## Your objective
Below is a listing; restate from it, character for character, the lines beginning at the line holding "Lemma idealB F" and ending at the line holding "- by rewrite -coef_pmul /pmul allpairs1l.", both included.
[[ Extracted material open ]]
Lemma coef_pscale c f : coef (pscale c f) = fscale c (coef f).
Proof.
apply: functional_extensionality => w; rewrite /coef /fscale big_map mulr_sumr.
by apply: eq_bigr => x _; case: ifP; rewrite ?mulr0.
Qed.

Lemma coef_pmul f g : coef (pmul f g) = fmul (coef f) (coef g).
Proof.
apply: functional_extensionality => w.
rewrite /coef /fmul /pmul big_allpairs_dep /=.
transitivity (\sum_(x <- splits w) \sum_(a <- f) \sum_(b <- g)
   (if (a.2 == x.1) && (b.2 == x.2) then a.1 * b.1 else 0)); last first.
  apply: eq_bigr => x _; rewrite mulr_suml; apply: eq_bigr => a _.
  rewrite mulr_sumr; apply: eq_bigr => b _.
  by case: (a.2 == x.1); case: (b.2 == x.2); rewrite ?mulr0 ?mul0r.
rewrite [RHS]exchange_big; apply: eq_bigr => a _.
by rewrite [RHS]exchange_big; apply: eq_bigr => b _; rewrite sum_splits_indicator.
Qed.

End Convolution.

Lemma InL_cat (A : Type) (a : A) s1 s2 : InL a (s1 ++ s2) -> InL a s1 \/ InL a s2.
Proof. by elim: s1 => [|b s1 IH] /=; [right | case=> [->|/IH []]; auto]. Qed.

Lemma InL_map (A B : Type) (h : A -> B) (b : B) s :
  InL b (map h s) -> exists2 a, InL a s & b = h a.
Proof.
elim: s => [|a s IH] //= [<-|/IH [a' ? ->]]; first by exists a; auto.
by exists a'; auto.
Qed.

Section Ideal.
Variables (K : fieldType) (p : nat -> nat -> K) (n : nat).
Implicit Types (f : Defs.npoly K) (F G : word -> K) (s : seq (igen K)).

Definition admissible s := forall t, InL t s ->
  [/\ gr t \in rels p n, in_alph n (ga t) & in_alph n (gb t)].
Definition ideal_elt s := flatten [seq igen_poly t | t <- s].
Definition in_ideal F := exists s, admissible s /\ forall w, F w = coef (ideal_elt s) w.
Definition alph_poly f := all (fun cw => in_alph n cw.2) f.

Lemma ucongrE f g : ucongr p n f g = in_ideal (fsub (coef f) (coef g)).
Proof. by []. Qed.

Lemma ideal0 : in_ideal (fun _ => 0).
Proof. by exists [::]; split=> // w; rewrite /coef big_nil. Qed.

Lemma idealD F G : in_ideal F -> in_ideal G -> in_ideal (fadd F G).
Proof.
move=> [s1 [adm1 e1]] [s2 [adm2 e2]]; exists (s1 ++ s2); split.
  by move=> t /(@InL_cat _ _ s1 s2) [/adm1|/adm2].
by move=> w; rewrite /ideal_elt map_cat flatten_cat /coef big_cat /fadd e1 e2.
Qed.

Lemma ideal_rel r : r \in rels p n -> in_ideal (coef r).
Proof.
move=> hr; exists [:: IGen 1 [::] r [::]]; split; first by move=> t /= [<-|].
move=> w; rewrite /ideal_elt /= cats0 /igen_poly /=; congr coef.
by rewrite -[LHS]map_id; apply: eq_map => -[c x] /=; rewrite mul1r cats0.
Qed.

Lemma in_ideal_map (h : igen K -> igen K) (phi : K * word -> K * word)
    (Phi : (word -> K) -> word -> K) F :
  (forall t, [/\ gr (h t) = gr t, in_alph n (ga t) -> in_alph n (ga (h t))
               & in_alph n (gb t) -> in_alph n (gb (h t))]) ->
  (forall t, igen_poly (h t) = map phi (igen_poly t)) ->
  (forall f, coef (map phi f) = Phi (coef f)) ->
  in_ideal F -> in_ideal (Phi F).
Proof.
move=> hh hphi hPhi [s [adm eF]]; exists (map h s); split.
  move=> _ /(@InL_map _ _ h _ s) [t /adm [r a b] ->].
  by have [-> ha hb] := hh t; split; [| apply: ha | apply: hb].
have -> : F = coef (ideal_elt s) by apply: functional_extensionality.
move=> w; rewrite -hPhi /ideal_elt map_flatten -!map_comp.
by congr (coef (flatten _) w); apply: eq_map => t /=; rewrite hphi.
Qed.

Lemma idealZ c F : in_ideal F -> in_ideal (fscale c F).
Proof.
apply: (in_ideal_map (h := fun t => IGen (c * gc t) (ga t) (gr t) (gb t))
                     (phi := fun cw => (c * cw.1, cw.2))) => // [t|f].
  by rewrite /igen_poly -map_comp; apply: eq_map => cw /=; rewrite mulrA.
exact: coef_pscale.
Qed.

Lemma idealB F G : in_ideal F -> in_ideal G -> in_ideal (fsub F G).
Proof.
move=> hF /(idealZ (-1)) /(idealD hF); congr in_ideal.
by apply: functional_extensionality => w; rewrite /fadd /fscale mulN1r.
Qed.

Lemma ideal_monoMl u F : in_alph n u -> in_ideal F -> in_ideal (fmul (coef [:: (1, u)]) F).
Proof.
move=> hu; apply: (in_ideal_map (h := fun t => IGen (gc t) (u ++ ga t) (gr t) (gb t))
                                (phi := fun cw => (1 * cw.1, u ++ cw.2))) => [t|t|f].
- by split=> //=; move: hu; rewrite /in_alph all_cat => -> ->.
- by rewrite /igen_poly -map_comp; apply: eq_map => cw /=; rewrite mul1r -catA.
- by rewrite -coef_pmul /pmul allpairs1l.
Qed.

Lemma ideal_monoMr u F : in_alph n u -> in_ideal F -> in_ideal (fmul F (coef [:: (1, u)])).
Proof.
move=> hu; apply: (in_ideal_map (h := fun t => IGen (gc t) (ga t) (gr t) (gb t ++ u))
                                (phi := fun cw => (cw.1 * 1, cw.2 ++ u))
                                (Phi := fun G => fmul G (coef [:: (1, u)])) (F := F)) => [t|t|f].
- by split=> //=; move: hu; rewrite /in_alph all_cat => -> ->.
- by rewrite /igen_poly -map_comp; apply: eq_map => cw /=; rewrite mulr1 -!catA.
- by rewrite -coef_pmul /pmul allpairs1r.
Qed.

Lemma idealMl f F : alph_poly f -> in_ideal F -> in_ideal (fmul (coef f) F).
Proof.
move=> + hF; elim: f => [|cw f IH] /=; first by rewrite coef_nil fmul0l => _; apply: ideal0.
case/andP=> hcw /IH hf; rewrite coef_cons fmulDl fmulZl.
by apply: idealD => //; apply/idealZ/ideal_monoMl.
Qed.

Lemma idealMr f F : alph_poly f -> in_ideal F -> in_ideal (fmul F (coef f)).
Proof.
move=> + hF; elim: f => [|cw f IH] /=; first by rewrite coef_nil fmul0r => _; apply: ideal0.
case/andP=> hcw /IH hf; rewrite coef_cons fmulDr fmulZr.
by apply: idealD => //; apply/idealZ/ideal_monoMr.
Qed.

End Ideal.

Section SkewBracket.
Variables (K : fieldType) (p : nat -> nat -> K) (n : nat).
Implicit Types (u v w a b c : hpoly K) (f g h : Defs.npoly K).
Local Notation sb := (sbr p).
Local Notation in_ideal := (in_ideal p n).
Local Notation ucongr := (ucongr p n).

Definition alph_hpoly u := alph_poly n u.1.
Definition skew_commute u v := in_ideal (coef (sb u v).1).

Lemma sbr_deg u v : (sb u v).2 = u.2 ++ v.2.
Proof. by []. Qed.

Lemma coef_sbr u v : coef (sb u v).1 =
  fadd (fmul (coef u.1) (coef v.1)) (fscale (- pdeg p u.2 v.2) (fmul (coef v.1) (coef u.1))).
Proof. by rewrite /sbr /= coef_padd coef_pscale !coef_pmul. Qed.

Lemma pdegDl (x y z : word) : pdeg p (x ++ y) z = pdeg p x z * pdeg p y z.
Proof. by rewrite /pdeg big_cat. Qed.

Lemma pdegDr (x y z : word) : pdeg p x (y ++ z) = pdeg p x y * pdeg p x z.
Proof. by rewrite /pdeg -big_split; apply: eq_bigr => i _; rewrite big_cat. Qed.

Lemma alph_sbr u v : alph_hpoly u -> alph_hpoly v -> alph_hpoly (sb u v).
Proof.
have alph_pmul f g : alph_poly n f -> alph_poly n g -> alph_poly n (pmul f g).
  move=> /allP hf /allP hg; apply/allP => _ /allpairsP [[x y] [/hf hx /hg hy ->]].
  by move: hx hy; rewrite /in_alph all_cat => -> ->.
move=> hu hv; rewrite /alph_hpoly /alph_poly /= all_cat all_map.
by apply/andP; split; apply: alph_pmul.
Qed.

Ltac expand_coef := rewrite ?coef_sbr ?sbr_deg ?pdegDl ?pdegDr;
  do 4 rewrite ?(fmulDl, fmulDr, fmulBl, fmulBr, fmulZl, fmulZr); rewrite ?fmulA;
  apply: functional_extensionality => ?; rewrite /fadd /fsub /fscale /=.

Lemma ucongr_refl f : ucongr f f.
Proof.
rewrite ucongrE (_ : fsub _ _ = fun _ => 0); first exact: ideal0.
by apply: functional_extensionality => w; rewrite /fsub subrr.
Qed.

Lemma ucongr_sym f g : ucongr f g -> ucongr g f.
Proof.
rewrite !ucongrE => /(idealZ (-1)); congr in_ideal.
by apply: functional_extensionality => w; rewrite /fscale /fsub mulN1r opprB.
Qed.

Lemma ucongr_trans f g h : ucongr f g -> ucongr g h -> ucongr f h.
Proof.
rewrite !ucongrE => hfg /(idealD hfg); congr in_ideal.
by apply: functional_extensionality => w; rewrite /fadd /fsub addrA subrK.
Qed.

Lemma ideal_sbr_r u v : alph_hpoly u -> in_ideal (coef v.1) -> in_ideal (coef (sb u v).1).
Proof.
move=> hu hv; rewrite coef_sbr; apply: idealD; first exact: idealMl.
by apply: idealZ; apply: idealMr.
Qed.

Lemma ucongr_sbrA u v w : alph_hpoly v -> skew_commute u w ->
  ucongr (sb (sb u v) w).1 (sb u (sb v w)).1.
Proof.
move=> hv huw; rewrite ucongrE.
have -> : fsub (coef (sb (sb u v) w).1) (coef (sb u (sb v w)).1) =
  fadd (fscale (pdeg p v.2 w.2) (fmul (coef (sb u w).1) (coef v.1)))
       (fscale (- pdeg p u.2 v.2) (fmul (coef v.1) (coef (sb u w).1))).
  by expand_coef; ring.
by apply: idealD; apply: idealZ; [apply: idealMr | apply: idealMl].
Qed.

Lemma in_ideal_ucongr f g : ucongr f g -> in_ideal (coef g) -> in_ideal (coef f).
Proof.
rewrite ucongrE => hfg /(idealD hfg); congr in_ideal.
by apply: functional_extensionality => w; rewrite /fadd /fsub subrK.
Qed.

Lemma ucongr_sbr u u' v v' :
  alph_hpoly u -> alph_hpoly u' -> alph_hpoly v -> alph_hpoly v' ->
  u.2 = u'.2 -> v.2 = v'.2 -> ucongr u.1 u'.1 -> ucongr v.1 v'.1 ->
  ucongr (sb u v).1 (sb u' v').1.
Proof.
rewrite !ucongrE => hu hu' hv hv' du dv Du Dv.
set Fu := fsub _ _ in Du; set Fv := fsub _ _ in Dv.
have -> : fsub (coef (sb u v).1) (coef (sb u' v').1) =
  fsub (fadd (fmul Fu (coef v.1)) (fmul (coef u'.1) Fv))
       (fscale (pdeg p u.2 v.2) (fadd (fmul Fv (coef u.1)) (fmul (coef v'.1) Fu))).
  by rewrite /Fu /Fv; expand_coef; rewrite -du -dv; ring.
apply: idealB; last apply: idealZ; apply: idealD.
- exact: idealMr.
- exact: idealMl.
- exact: idealMr.
- exact: idealMl.
Qed.

Lemma skew_commute_sbrl a b c : alph_hpoly a -> alph_hpoly b ->
  skew_commute a c -> skew_commute b c -> skew_commute (sb a b) c.
Proof.
move=> ha hb hac hbc; apply: (in_ideal_ucongr (ucongr_sbrA hb hac)).
exact: ideal_sbr_r.
Qed.

Lemma skew_commute_sbr_last a b c : alph_hpoly a -> alph_hpoly b -> alph_hpoly c ->
  skew_commute a c -> skew_commute (sb b c) c -> skew_commute (sb (sb a b) c) c.
Proof.
move=> ha hb hc hac hbcc; have hbc := alph_sbr hb hc.
apply: (in_ideal_ucongr (g := (sb (sb a (sb b c)) c).1)).
  apply: ucongr_sbr => //; rewrite ?alph_sbr //; first by rewrite /= catA.
  - exact: ucongr_sbrA.
  - exact: ucongr_refl.
exact: skew_commute_sbrl.
Qed.

(* Expanding both sides in the free algebra, [[[a,b],c],b] is the following
   combination of [a,c], [[a,b],b] and [b,[b,c]]; dividing by 1 + q is where
   q <> -1 is used. *)
Lemma skew_commute_sbr_middle (q : K) a b c : q != 0 -> 1 + q != 0 ->
  pdeg p b.2 c.2 * pdeg p c.2 b.2 = q^-1 -> pdeg p b.2 b.2 = q ->
  alph_hpoly a -> alph_hpoly b -> alph_hpoly c ->
  skew_commute a c -> skew_commute (sb a b) b -> skew_commute b (sb b c) ->
  skew_commute (sb (sb a b) c) b.
Proof.
move=> q0 q1 hbc hbb ha hb hc zac zabb zbbc.
have /andP [t0 _] : (pdeg p b.2 c.2 != 0) && (pdeg p c.2 b.2 != 0).
  by rewrite -negb_or -mulf_eq0 hbc invr_eq0.
have ecb : pdeg p c.2 b.2 = q^-1 / pdeg p b.2 c.2 by rewrite -hbc; field.
set s := pdeg p a.2 b.2; set t := pdeg p b.2 c.2 in t0 ecb; set r := pdeg p a.2 c.2.
rewrite /skew_commute.
have -> : coef (sb (sb (sb a b) c) b).1 =
  fadd (fscale (q * t / (1 + q)) (fmul (fmul (coef (sb a c).1) (coef b.1)) (coef b.1)))
  (fadd (fscale (- s) (fmul (fmul (coef b.1) (coef (sb a c).1)) (coef b.1)))
  (fadd (fscale (s * s / (t * (1 + q))) (fmul (coef b.1) (fmul (coef b.1) (coef (sb a c).1))))
  (fadd (fscale (1 / (t * (1 + q))) (fmul (coef (sb (sb a b) b).1) (coef c.1)))
  (fadd (fscale (- t * r / (1 + q)) (fmul (coef c.1) (coef (sb (sb a b) b).1)))
  (fadd (fscale (s * s * r / (t * (1 + q))) (fmul (coef (sb b (sb b c)).1) (coef a.1)))
        (fscale (- 1 / (t * (1 + q))) (fmul (coef a.1) (coef (sb b (sb b c)).1)))))))).
  expand_coef; rewrite ecb hbb /s /t /r; field.
  by rewrite q1 t0 q0.
apply: idealD; first by apply/idealZ/idealMr => //; apply: idealMr.
apply: idealD; first by apply/idealZ/idealMr => //; apply: idealMl.
apply: idealD; first by apply/idealZ/idealMl => //; apply: idealMl.
apply: idealD; first exact/idealZ/idealMr.
apply: idealD; first exact/idealZ/idealMl.
by apply: idealD; apply: idealZ; [apply: idealMr | apply: idealMl].
Qed.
[[ Extracted material closed ]]
## Output for this exercise
Lemma idealB F G : in_ideal F -> in_ideal G -> in_ideal (fsub F G).
Proof.
move=> hF /(idealZ (-1)) /(idealD hF); congr in_ideal.
by apply: functional_extensionality => w; rewrite /fadd /fscale mulN1r.
Qed.

Lemma ideal_monoMl u F : in_alph n u -> in_ideal F -> in_ideal (fmul (coef [:: (1, u)]) F).
Proof.
move=> hu; apply: (in_ideal_map (h := fun t => IGen (gc t) (u ++ ga t) (gr t) (gb t))
                                (phi := fun cw => (1 * cw.1, u ++ cw.2))) => [t|t|f].
- by split=> //=; move: hu; rewrite /in_alph all_cat => -> ->.
- by rewrite /igen_poly -map_comp; apply: eq_map => cw /=; rewrite mul1r -catA.
- by rewrite -coef_pmul /pmul allpairs1l.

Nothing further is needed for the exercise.